Below are the entries to work from; restate word for word the portion that opens with the line containing "apply: trmx_inj; rewrite" and closes with the line containing "lagrangian La ->", keeping both.

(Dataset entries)
=====
(* Let $L_a,L_b,L_c$ be Lagrangians in $\mathbf R^{2n}$ and let $(\mathbf e_a,\mathbf f_a)$, $(\mathbf e_b,\mathbf f_b)$, $(\mathbf e_c,\mathbf f_c)$ be symplectic bases such that $L_a=\mathrm{Span}(\mathbf e_c)=\mathrm{Span}(\mathbf f_b)=\mathrm{Span}(\mathbf e_a+\mathbf f_a)$, $L_b=\mathrm{Span}(\mathbf e_a)=\mathrm{Span}(\mathbf f_c)=\mathrm{Span}(\mathbf e_b+\mathbf f_b)$, $L_c=\mathrm{Span}(\mathbf e_b)=\mathrm{Span}(\mathbf f_a)=\mathrm{Span}(\mathbf e_c+\mathbf f_c)$. Let $A,B,C\in\mathrm{GL}(n,\mathbf R)$ be the matrices uniquely defined by $\mathbf f_b=-\mathbf e_c\cdot A$, $\mathbf f_c=-\mathbf e_a\cdot B$, $\mathbf f_a=-\mathbf e_b\cdot C$. Then $A,B,C$ are orthogonal and $CBA=-\mathrm{Id}$. Furthermore $\mathbf e_b=(\mathbf e_c+\mathbf f_c)\cdot A$, $\mathbf e_c=(\mathbf e_a+\mathbf f_a)\cdot B$, and $\mathbf e_a=(\mathbf e_b+\mathbf f_b)\cdot C$.
   Context: $\mathbf R^{2n}$ carries the standard symplectic form $\omega(x,y)={}^T x\begin{pmatrix}0&\mathrm{Id}\\-\mathrm{Id}&0\end{pmatrix}y$; a Lagrangian is an $n$-dimensional subspace on which $\omega$ vanishes. A symplectic basis is a pair $(\mathbf e,\mathbf f)$ of $n$-tuples of vectors forming a basis with $\omega(e_i,e_j)=\omega(f_i,f_j)=0$ and $\omega(e_i,f_j)=\delta_{ij}$. For an $n$-tuple $\mathbf v=(v_1,\dots,v_n)$ and an $n\times n$ matrix $g$, $\mathbf v\cdot g$ is the $n$-tuple whose $j$-th entry is $\sum_i v_i g_{ij}$; $\mathbf v+\mathbf w$ is the termwise sum; $\mathrm{Span}(\mathbf v)$ is the span of its entries. *)

(* Vectors of R^{2n} are row vectors 'rV[R]_(n + n);
   an n-tuple of vectors (v_1,...,v_n) is the n x 2n matrix whose i-th row is v_i. *)
From HB Require Import structures.
From mathcomp Require Import all_boot all_order all_algebra.
From mathcomp Require Import reals.
Set Implicit Arguments. Unset Strict Implicit. Unset Printing Implicit Defensive.
Import Order.TTheory GRing.Theory Num.Theory.
Local Open Scope ring_scope.

Section Symp.
Variable R : realType.
Variable n : nat.

Definition Jmx : 'M[R]_(n + n) := block_mx 0 1%:M (- 1%:M) 0.

Definition omega (x y : 'rV[R]_(n + n)) : R := (x *m Jmx *m y^T) 0 0.

Definition tmul (V : 'M[R]_(n, n + n)) (g : 'M[R]_n) : 'M[R]_(n, n + n) :=
  \matrix_(j < n) (\sum_(i < n) g i j *: row i V).

(* L (given by a matrix whose row space is the subspace) is Lagrangian *)
Definition lagrangian (L : 'M[R]_(n + n)) : Prop :=
  \rank L = n /\
  forall x y : 'rV[R]_(n + n), (x <= L)%MS -> (y <= L)%MS -> omega x y = 0.

Definition symplectic_basis (E F : 'M[R]_(n, n + n)) : Prop :=
  col_mx E F \in unitmx /\
  (forall i j, omega (row i E) (row j E) = 0) /\
  (forall i j, omega (row i F) (row j F) = 0) /\
  (forall i j, omega (row i E) (row j F) = (i == j)%:R).

Definition orthogonal_mx (A : 'M[R]_n) : Prop := A *m A^T = 1%:M.

End Symp.

(* Pair two n-tuples X, Y through their Gram matrix gram X Y = X J Y^T;
   then v . g is g^T v and a symplectic basis (E, F) is a pair with
   gram E E = gram F F = 0 and gram E F = 1.  Expanding the spans in the
   basis (e_c, f_c), say e_b = M (e_c + f_c), e_a = N f_c and
   e_a + f_a = P e_c, and computing Gram matrices against e_c gives
   M A = 1, B^T N = -1 and C^T M = N, while gram e_a f_a = 1 gives N N^T = 1.
   Hence B = -N is orthogonal and C^T = -B A.  Rotating a -> b -> c -> a
   yields the orthogonality of A and C as well, C C^T = 1 turns C^T = -B A
   into C B A = -1, and M = A^-1 = A^T gives e_b = (e_c + f_c) . A. *)
From HB Require Import structures.
From mathcomp Require Import all_boot all_order all_algebra.
From mathcomp Require Import reals.
Import Order.TTheory GRing.Theory Num.Theory.
Set Implicit Arguments. Unset Strict Implicit.
Local Open Scope ring_scope.

Section Gram.
Variables (R : realType) (n : nat).
Implicit Types (X Y Z : 'M[R]_(n, n + n)) (P : 'M[R]_n).

Definition gram X Y : 'M[R]_n := X *m Jmx R n *m Y^T.

Lemma gramE X Y i j : gram X Y i j = omega (row i X) (row j Y).
Proof.
rewrite /gram /omega tr_row -row_mul !mxE.
by apply: eq_bigr => k _; rewrite !mxE.
Qed.

Lemma tmulE X P : tmul X P = P^T *m X.
Proof.
apply/matrixP=> j k; rewrite !mxE summxE.
by apply: eq_bigr => i _; rewrite !mxE.
Qed.

Lemma gramMl P X Y : gram (P *m X) Y = P *m gram X Y.
Proof. by rewrite /gram !mulmxA. Qed.

Lemma gramMr P X Y : gram X (P *m Y) = gram X Y *m P^T.
Proof. by rewrite /gram trmx_mul !mulmxA. Qed.

Lemma gramDl X Y Z : gram (X + Y) Z = gram X Z + gram Y Z.
Proof. by rewrite /gram !mulmxDl. Qed.

Lemma gramDr X Y Z : gram X (Y + Z) = gram X Y + gram X Z.
Proof. by rewrite /gram linearD /= mulmxDr. Qed.

Lemma gramNl X Y : gram (- X) Y = - gram X Y.
Proof. by rewrite /gram !mulNmx. Qed.

Lemma gramNr X Y : gram X (- Y) = - gram X Y.
Proof. by rewrite /gram linearN /= mulmxN. Qed.

Lemma trmx_Jmx : (Jmx R n)^T = - Jmx R n.
Proof.
rewrite /Jmx tr_block_mx !trmx0 trmx1 linearN /= trmx1 opp_block_mx.
by rewrite !oppr0 opprK.
Qed.

Lemma gram_antisym X Y : gram Y X = - (gram X Y)^T.
Proof. by rewrite /gram !trmx_mul trmxK trmx_Jmx mulNmx mulmxN mulmxA opprK. Qed.

Lemma symplectic_basis_gram X Y : symplectic_basis X Y ->
  [/\ gram X X = 0, gram Y Y = 0 & gram X Y = 1%:M].
Proof.
by case=> _ [hXX [hYY hXY]]; split; apply/matrixP=> i j;
  rewrite gramE ?hXX ?hYY ?hXY !mxE.
Qed.

End Gram.

Lemma eqmx_submx (F : fieldType) (m1 m2 m3 k : nat)
    (L : 'M[F]_(m1, k)) (X : 'M_(m2, k)) (Y : 'M_(m3, k)) :
  (L == X)%MS -> (L == Y)%MS -> (X <= Y)%MS.
Proof. by move=> /eqmxP <- /eqmxP <-. Qed.

Lemma mulmx_orthogonal_inv (R : realType) (n : nat) (M A : 'M[R]_n) :
  M *m A = 1%:M -> orthogonal_mx A -> M = A^T.
Proof. by move=> MA oA; rewrite -[M]mulmx1 -oA mulmxA MA mul1mx. Qed.

Lemma symplectic_triangle_step (R : realType) (n : nat)
    (ea fa eb fb ec fc : 'M[R]_(n, n + n)) (A B C : 'M[R]_n) :
  gram ec ec = 0 -> gram fc fc = 0 -> gram ec fc = 1%:M ->
  gram ea fa = 1%:M -> gram eb fb = 1%:M ->
  fb = - (A^T *m ec) -> fc = - (B^T *m ea) -> fa = - (C^T *m eb) ->
  (eb <= (ec + fc)%R)%MS -> ((ea + fa)%R <= ec)%MS -> (ea <= fc)%MS ->
  [/\ orthogonal_mx B, C^T = - (B *m A) &
      exists2 M, eb = M *m (ec + fc) & M *m A = 1%:M].
Proof.
move=> Gcc Gff Gcf Gaa Gbb hfb hfc hfa /submxP[M hM] /submxP[P hP] /submxP[N hN].
have Gfc : gram fc ec = - 1%:M by rewrite gram_antisym Gcf trmx1.
have Gsc : gram (ec + fc) ec = - 1%:M by rewrite gramDl Gcc Gfc add0r.
have BtN : B^T *m N = - 1%:M.
  have := congr1 (fun Z => gram Z ec) hfc.
  by rewrite /= hN gramNl !gramMl Gfc mulmxN mulmx1 mulmxN opprK => <-.
have MA : M *m A = 1%:M.
  by rewrite -Gbb hM hfb gramNr gramMr gramMl Gsc trmxK mulmxN mulNmx mulmx1 opprK.
have CtM : C^T *m M = N.
  have := congr1 (fun Z => gram Z ec) hP.
  rewrite /= gramMl Gcc mulmx0 hN hfa hM gramDl gramNl !gramMl Gsc Gfc.
  by rewrite !mulmxN !mulmx1 opprK addrC => /eqP; rewrite subr_eq0 => /eqP.
have NNt : N *m N^T = 1%:M.
  move: Gaa; rewrite hN hfa hM gramMl gramNr gramMr gramMr gramDr Gff addr0 Gfc.
  by rewrite !mulNmx mul1mx opprK -trmx_mul CtM.
have Bn : B = - N.
  apply: trmx_inj; rewrite linearN /= -[B^T]mulmx1 -NNt mulmxA BtN.
  by rewrite mulNmx mul1mx.
split; last by exists M.
- by rewrite /orthogonal_mx Bn linearN /= mulNmx mulmxN opprK NNt.
- by rewrite -[C^T]mulmx1 -MA mulmxA CtM Bn mulNmx opprK.
Qed.

Theorem lemma3p8 (R : realType) (n : nat)
  (La Lb Lc : 'M[R]_(n + n))
  (ea fa eb fb ec fc : 'M[R]_(n, n + n))
  (A B C : 'M[R]_n) :
  lagrangian La -> lagrangian Lb -> lagrangian Lc ->
  symplectic_basis ea fa -> symplectic_basis eb fb -> symplectic_basis ec fc ->
  (La == ec)%MS -> (La == fb)%MS -> (La == (ea + fa)%R)%MS ->
  (Lb == ea)%MS -> (Lb == fc)%MS -> (Lb == (eb + fb)%R)%MS ->
  (Lc == eb)%MS -> (Lc == fa)%MS -> (Lc == (ec + fc)%R)%MS ->
  A \in unitmx -> B \in unitmx -> C \in unitmx ->
  fb = - tmul ec A -> fc = - tmul ea B -> fa = - tmul eb C ->
  [/\ orthogonal_mx A, orthogonal_mx B & orthogonal_mx C] /\
  C *m B *m A = - 1%:M /\
  [/\ eb = tmul (ec + fc) A,
      ec = tmul (ea + fa) B &
      ea = tmul (eb + fb) C].
Proof.
move=> _ _ _ /symplectic_basis_gram[Gaa Gfa Gaf]
  /symplectic_basis_gram[Gbb Gfb Gbf] /symplectic_basis_gram[Gcc Gfc Gcf].
move=> La_c La_fb La_af Lb_a Lb_fc Lb_bf Lc_b Lc_fa Lc_cf _ _ _.
rewrite !tmulE => hfb hfc hfa.
have [oB hC [Mc hMc McA]] := symplectic_triangle_step Gcc Gfc Gcf Gaf Gbf
  hfb hfc hfa (eqmx_submx Lc_b Lc_cf) (eqmx_submx La_af La_c) (eqmx_submx Lb_a Lb_fc).
have [oC _ [Ma hMa MaB]] := symplectic_triangle_step Gaa Gfa Gaf Gbf Gcf
  hfc hfa hfb (eqmx_submx La_c La_af) (eqmx_submx Lb_bf Lb_a) (eqmx_submx Lc_b Lc_fa).
have [oA _ [Mb hMb MbC]] := symplectic_triangle_step Gbb Gfb Gbf Gcf Gaf
  hfa hfb hfc (eqmx_submx Lb_a Lb_bf) (eqmx_submx Lc_cf Lc_b) (eqmx_submx La_c La_fb).
split=> //; split.
  by move: oC; rewrite /orthogonal_mx hC mulmxN mulmxA => /eqP; rewrite eqr_oppLR => /eqP.
split.
- by rewrite {1}hMc (mulmx_orthogonal_inv McA oA).
- by rewrite {1}hMa (mulmx_orthogonal_inv MaB oB).
- by rewrite {1}hMb (mulmx_orthogonal_inv MbC oC).
Qed.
=====
**Answer box**.
  apply: trmx_inj; rewrite linearN /= -[B^T]mulmx1 -NNt mulmxA BtN.
  by rewrite mulNmx mul1mx.
split; last by exists M.
- by rewrite /orthogonal_mx Bn linearN /= mulNmx mulmxN opprK NNt.
- by rewrite -[C^T]mulmx1 -MA mulmxA CtM Bn mulNmx opprK.
Qed.

Theorem lemma3p8 (R : realType) (n : nat)
  (La Lb Lc : 'M[R]_(n + n))
  (ea fa eb fb ec fc : 'M[R]_(n, n + n))
  (A B C : 'M[R]_n) :
  lagrangian La -> lagrangian Lb -> lagrangian Lc ->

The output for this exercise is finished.